■ **Problem statement**: Which lines in the records below hold the word "Section"? Copy each of them.

■ **Data provided**:
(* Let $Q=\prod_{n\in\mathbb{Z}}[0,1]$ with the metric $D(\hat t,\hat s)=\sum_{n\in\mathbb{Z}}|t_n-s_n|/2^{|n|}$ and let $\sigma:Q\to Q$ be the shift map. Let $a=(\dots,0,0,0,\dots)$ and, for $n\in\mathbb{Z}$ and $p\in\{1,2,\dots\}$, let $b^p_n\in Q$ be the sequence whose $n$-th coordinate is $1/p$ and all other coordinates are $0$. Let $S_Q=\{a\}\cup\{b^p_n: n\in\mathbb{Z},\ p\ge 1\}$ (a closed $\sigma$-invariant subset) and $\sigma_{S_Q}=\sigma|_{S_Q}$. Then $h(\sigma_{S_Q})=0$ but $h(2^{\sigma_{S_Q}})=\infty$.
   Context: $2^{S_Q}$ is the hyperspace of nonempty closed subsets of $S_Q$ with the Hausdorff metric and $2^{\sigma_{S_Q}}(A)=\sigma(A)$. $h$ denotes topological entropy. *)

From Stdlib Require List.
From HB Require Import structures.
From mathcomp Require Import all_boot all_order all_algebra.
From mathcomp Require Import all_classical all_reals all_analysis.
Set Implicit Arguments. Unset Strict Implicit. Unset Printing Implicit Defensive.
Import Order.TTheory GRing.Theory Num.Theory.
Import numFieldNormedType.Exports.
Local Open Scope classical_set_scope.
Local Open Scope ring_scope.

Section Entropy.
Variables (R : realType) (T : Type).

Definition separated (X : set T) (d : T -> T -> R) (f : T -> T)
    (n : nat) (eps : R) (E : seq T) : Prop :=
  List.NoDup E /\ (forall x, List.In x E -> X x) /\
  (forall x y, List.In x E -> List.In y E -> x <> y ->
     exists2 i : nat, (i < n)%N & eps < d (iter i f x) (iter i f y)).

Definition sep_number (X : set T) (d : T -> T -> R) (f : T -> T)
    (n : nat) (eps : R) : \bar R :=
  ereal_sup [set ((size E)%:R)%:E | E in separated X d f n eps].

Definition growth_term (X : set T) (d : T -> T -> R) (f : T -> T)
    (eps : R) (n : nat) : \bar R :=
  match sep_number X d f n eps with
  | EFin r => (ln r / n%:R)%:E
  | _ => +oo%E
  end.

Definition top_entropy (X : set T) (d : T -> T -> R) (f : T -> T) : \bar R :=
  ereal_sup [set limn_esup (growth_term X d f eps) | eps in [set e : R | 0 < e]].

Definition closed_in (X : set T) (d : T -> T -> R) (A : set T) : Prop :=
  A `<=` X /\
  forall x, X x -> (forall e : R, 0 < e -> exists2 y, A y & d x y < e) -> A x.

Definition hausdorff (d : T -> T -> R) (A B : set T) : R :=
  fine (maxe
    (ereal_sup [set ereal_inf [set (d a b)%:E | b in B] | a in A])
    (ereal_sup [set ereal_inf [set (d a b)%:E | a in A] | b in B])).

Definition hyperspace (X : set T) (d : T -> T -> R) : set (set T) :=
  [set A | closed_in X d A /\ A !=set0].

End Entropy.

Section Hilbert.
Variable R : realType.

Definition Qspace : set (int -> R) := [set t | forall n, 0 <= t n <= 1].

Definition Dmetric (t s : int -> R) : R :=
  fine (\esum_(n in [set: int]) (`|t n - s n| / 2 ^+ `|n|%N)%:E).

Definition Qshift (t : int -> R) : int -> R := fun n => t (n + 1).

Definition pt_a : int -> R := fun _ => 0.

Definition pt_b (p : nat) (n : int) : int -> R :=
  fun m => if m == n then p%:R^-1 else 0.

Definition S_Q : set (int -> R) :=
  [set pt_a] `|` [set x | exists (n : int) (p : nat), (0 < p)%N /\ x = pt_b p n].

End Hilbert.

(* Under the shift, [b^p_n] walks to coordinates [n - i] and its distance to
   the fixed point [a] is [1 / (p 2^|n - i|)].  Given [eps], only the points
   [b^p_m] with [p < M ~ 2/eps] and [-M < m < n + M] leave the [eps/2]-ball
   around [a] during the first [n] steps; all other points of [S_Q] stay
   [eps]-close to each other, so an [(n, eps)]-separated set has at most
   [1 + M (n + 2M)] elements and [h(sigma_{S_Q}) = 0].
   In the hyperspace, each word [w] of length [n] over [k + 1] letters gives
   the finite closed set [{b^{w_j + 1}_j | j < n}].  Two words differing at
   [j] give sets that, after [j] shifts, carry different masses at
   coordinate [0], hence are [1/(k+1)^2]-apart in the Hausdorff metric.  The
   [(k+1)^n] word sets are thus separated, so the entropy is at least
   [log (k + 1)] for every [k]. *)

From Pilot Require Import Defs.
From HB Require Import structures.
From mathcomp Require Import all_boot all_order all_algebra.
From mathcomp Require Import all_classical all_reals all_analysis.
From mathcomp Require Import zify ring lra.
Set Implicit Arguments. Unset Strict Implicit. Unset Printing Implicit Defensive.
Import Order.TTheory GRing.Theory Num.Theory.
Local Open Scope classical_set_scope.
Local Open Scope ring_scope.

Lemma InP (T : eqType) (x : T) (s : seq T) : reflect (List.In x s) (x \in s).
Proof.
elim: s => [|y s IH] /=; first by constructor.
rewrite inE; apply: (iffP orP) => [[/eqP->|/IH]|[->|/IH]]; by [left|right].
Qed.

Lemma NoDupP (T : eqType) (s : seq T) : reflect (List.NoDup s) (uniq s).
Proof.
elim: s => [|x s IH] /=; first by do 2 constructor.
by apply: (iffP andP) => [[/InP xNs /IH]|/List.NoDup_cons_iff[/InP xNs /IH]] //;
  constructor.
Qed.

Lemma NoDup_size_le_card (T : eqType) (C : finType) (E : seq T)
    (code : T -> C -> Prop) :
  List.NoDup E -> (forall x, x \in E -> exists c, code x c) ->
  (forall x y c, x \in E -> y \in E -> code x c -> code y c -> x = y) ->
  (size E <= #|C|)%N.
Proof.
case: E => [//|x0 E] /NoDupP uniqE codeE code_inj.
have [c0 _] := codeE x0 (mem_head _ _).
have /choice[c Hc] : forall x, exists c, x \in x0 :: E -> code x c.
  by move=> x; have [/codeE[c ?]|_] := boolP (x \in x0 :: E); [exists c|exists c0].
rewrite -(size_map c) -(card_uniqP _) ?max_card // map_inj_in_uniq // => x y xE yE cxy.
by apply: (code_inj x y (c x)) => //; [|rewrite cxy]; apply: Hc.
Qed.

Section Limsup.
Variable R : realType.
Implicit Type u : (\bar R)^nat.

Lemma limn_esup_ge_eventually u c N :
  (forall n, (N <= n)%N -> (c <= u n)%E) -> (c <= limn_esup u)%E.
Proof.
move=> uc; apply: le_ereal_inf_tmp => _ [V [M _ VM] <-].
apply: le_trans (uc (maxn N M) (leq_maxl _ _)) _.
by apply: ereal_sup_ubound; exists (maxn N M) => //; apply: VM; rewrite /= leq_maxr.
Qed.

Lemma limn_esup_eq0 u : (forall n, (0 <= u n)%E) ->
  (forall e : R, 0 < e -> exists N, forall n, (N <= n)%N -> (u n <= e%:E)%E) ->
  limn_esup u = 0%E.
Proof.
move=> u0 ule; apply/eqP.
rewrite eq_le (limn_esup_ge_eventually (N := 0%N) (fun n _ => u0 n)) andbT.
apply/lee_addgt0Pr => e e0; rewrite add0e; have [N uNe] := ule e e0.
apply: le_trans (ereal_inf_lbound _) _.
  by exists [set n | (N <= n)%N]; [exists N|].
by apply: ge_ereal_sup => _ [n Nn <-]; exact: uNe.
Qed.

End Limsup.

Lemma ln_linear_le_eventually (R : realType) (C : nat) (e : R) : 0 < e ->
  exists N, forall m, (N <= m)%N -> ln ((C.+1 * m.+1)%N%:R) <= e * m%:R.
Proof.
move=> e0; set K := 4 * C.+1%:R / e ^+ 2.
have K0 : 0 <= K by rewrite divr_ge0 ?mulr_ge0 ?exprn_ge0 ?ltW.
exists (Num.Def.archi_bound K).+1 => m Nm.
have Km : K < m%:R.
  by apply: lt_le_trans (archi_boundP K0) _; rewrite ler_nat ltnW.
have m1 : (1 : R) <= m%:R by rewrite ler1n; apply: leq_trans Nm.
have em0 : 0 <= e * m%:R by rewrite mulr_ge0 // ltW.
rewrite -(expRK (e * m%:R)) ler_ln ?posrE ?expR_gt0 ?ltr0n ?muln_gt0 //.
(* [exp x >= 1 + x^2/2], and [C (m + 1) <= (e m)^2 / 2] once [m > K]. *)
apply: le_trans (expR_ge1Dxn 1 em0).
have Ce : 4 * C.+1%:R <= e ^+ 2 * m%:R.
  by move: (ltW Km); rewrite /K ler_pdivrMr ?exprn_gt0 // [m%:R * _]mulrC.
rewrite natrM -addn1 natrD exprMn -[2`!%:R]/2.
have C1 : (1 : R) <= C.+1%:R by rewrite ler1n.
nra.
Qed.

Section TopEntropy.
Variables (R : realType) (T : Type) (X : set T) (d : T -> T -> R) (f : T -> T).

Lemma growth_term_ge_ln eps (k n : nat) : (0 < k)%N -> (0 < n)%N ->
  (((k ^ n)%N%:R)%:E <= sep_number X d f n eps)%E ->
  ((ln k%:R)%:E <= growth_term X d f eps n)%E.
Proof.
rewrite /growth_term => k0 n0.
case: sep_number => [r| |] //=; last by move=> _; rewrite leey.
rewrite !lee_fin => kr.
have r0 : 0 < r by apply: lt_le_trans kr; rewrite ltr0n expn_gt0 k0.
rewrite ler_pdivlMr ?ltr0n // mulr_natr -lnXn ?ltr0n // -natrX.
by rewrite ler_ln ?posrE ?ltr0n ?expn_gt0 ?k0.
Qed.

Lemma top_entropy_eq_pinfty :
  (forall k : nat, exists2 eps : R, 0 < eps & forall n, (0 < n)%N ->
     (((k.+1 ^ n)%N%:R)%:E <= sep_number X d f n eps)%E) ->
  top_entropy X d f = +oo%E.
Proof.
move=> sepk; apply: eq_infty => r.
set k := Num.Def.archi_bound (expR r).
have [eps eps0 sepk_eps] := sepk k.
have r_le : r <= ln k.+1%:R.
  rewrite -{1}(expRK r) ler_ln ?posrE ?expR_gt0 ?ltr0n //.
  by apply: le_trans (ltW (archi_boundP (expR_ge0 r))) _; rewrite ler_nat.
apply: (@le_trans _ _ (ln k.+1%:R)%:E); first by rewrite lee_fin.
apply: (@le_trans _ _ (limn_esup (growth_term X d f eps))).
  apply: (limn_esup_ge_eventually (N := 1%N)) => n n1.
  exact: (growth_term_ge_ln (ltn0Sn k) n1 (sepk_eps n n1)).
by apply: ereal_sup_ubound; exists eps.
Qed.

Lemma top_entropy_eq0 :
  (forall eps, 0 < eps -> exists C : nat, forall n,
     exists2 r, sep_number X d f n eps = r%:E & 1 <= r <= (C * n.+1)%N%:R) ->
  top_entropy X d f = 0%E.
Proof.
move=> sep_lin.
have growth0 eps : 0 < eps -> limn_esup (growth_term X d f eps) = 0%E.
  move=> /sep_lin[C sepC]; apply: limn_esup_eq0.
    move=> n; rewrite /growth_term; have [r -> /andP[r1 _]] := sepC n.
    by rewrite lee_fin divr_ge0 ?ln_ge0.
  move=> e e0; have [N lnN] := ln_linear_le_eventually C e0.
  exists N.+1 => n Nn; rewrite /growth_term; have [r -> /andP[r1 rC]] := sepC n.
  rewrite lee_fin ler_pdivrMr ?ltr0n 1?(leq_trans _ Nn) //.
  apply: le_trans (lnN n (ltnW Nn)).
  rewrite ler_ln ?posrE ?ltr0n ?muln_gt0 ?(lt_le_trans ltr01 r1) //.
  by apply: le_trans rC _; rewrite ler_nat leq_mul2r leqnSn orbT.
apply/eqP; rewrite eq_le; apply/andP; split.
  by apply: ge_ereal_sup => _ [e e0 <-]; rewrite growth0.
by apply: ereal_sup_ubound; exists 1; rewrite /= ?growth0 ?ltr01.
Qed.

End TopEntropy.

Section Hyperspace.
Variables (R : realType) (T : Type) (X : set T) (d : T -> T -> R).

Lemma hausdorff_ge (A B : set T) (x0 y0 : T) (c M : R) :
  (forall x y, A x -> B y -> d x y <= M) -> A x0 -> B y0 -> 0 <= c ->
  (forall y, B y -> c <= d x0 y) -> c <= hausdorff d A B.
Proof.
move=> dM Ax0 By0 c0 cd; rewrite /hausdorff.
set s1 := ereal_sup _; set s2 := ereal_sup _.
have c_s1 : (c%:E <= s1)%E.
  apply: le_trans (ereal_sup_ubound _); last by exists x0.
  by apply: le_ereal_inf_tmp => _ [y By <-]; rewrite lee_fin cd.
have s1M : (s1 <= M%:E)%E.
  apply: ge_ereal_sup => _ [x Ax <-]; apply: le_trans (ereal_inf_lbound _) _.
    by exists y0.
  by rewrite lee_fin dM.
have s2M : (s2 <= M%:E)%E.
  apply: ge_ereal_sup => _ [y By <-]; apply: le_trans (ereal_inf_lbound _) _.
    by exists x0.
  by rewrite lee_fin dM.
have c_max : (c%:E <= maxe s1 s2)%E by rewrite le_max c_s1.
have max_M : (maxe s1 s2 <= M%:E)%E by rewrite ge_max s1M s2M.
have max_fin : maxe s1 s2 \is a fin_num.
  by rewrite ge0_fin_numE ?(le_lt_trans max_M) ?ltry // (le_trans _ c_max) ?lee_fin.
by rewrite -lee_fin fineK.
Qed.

■ **Response to the task**:
Section Entropy.
Section Hilbert.
Section Limsup.
Section TopEntropy.
Section Hyperspace.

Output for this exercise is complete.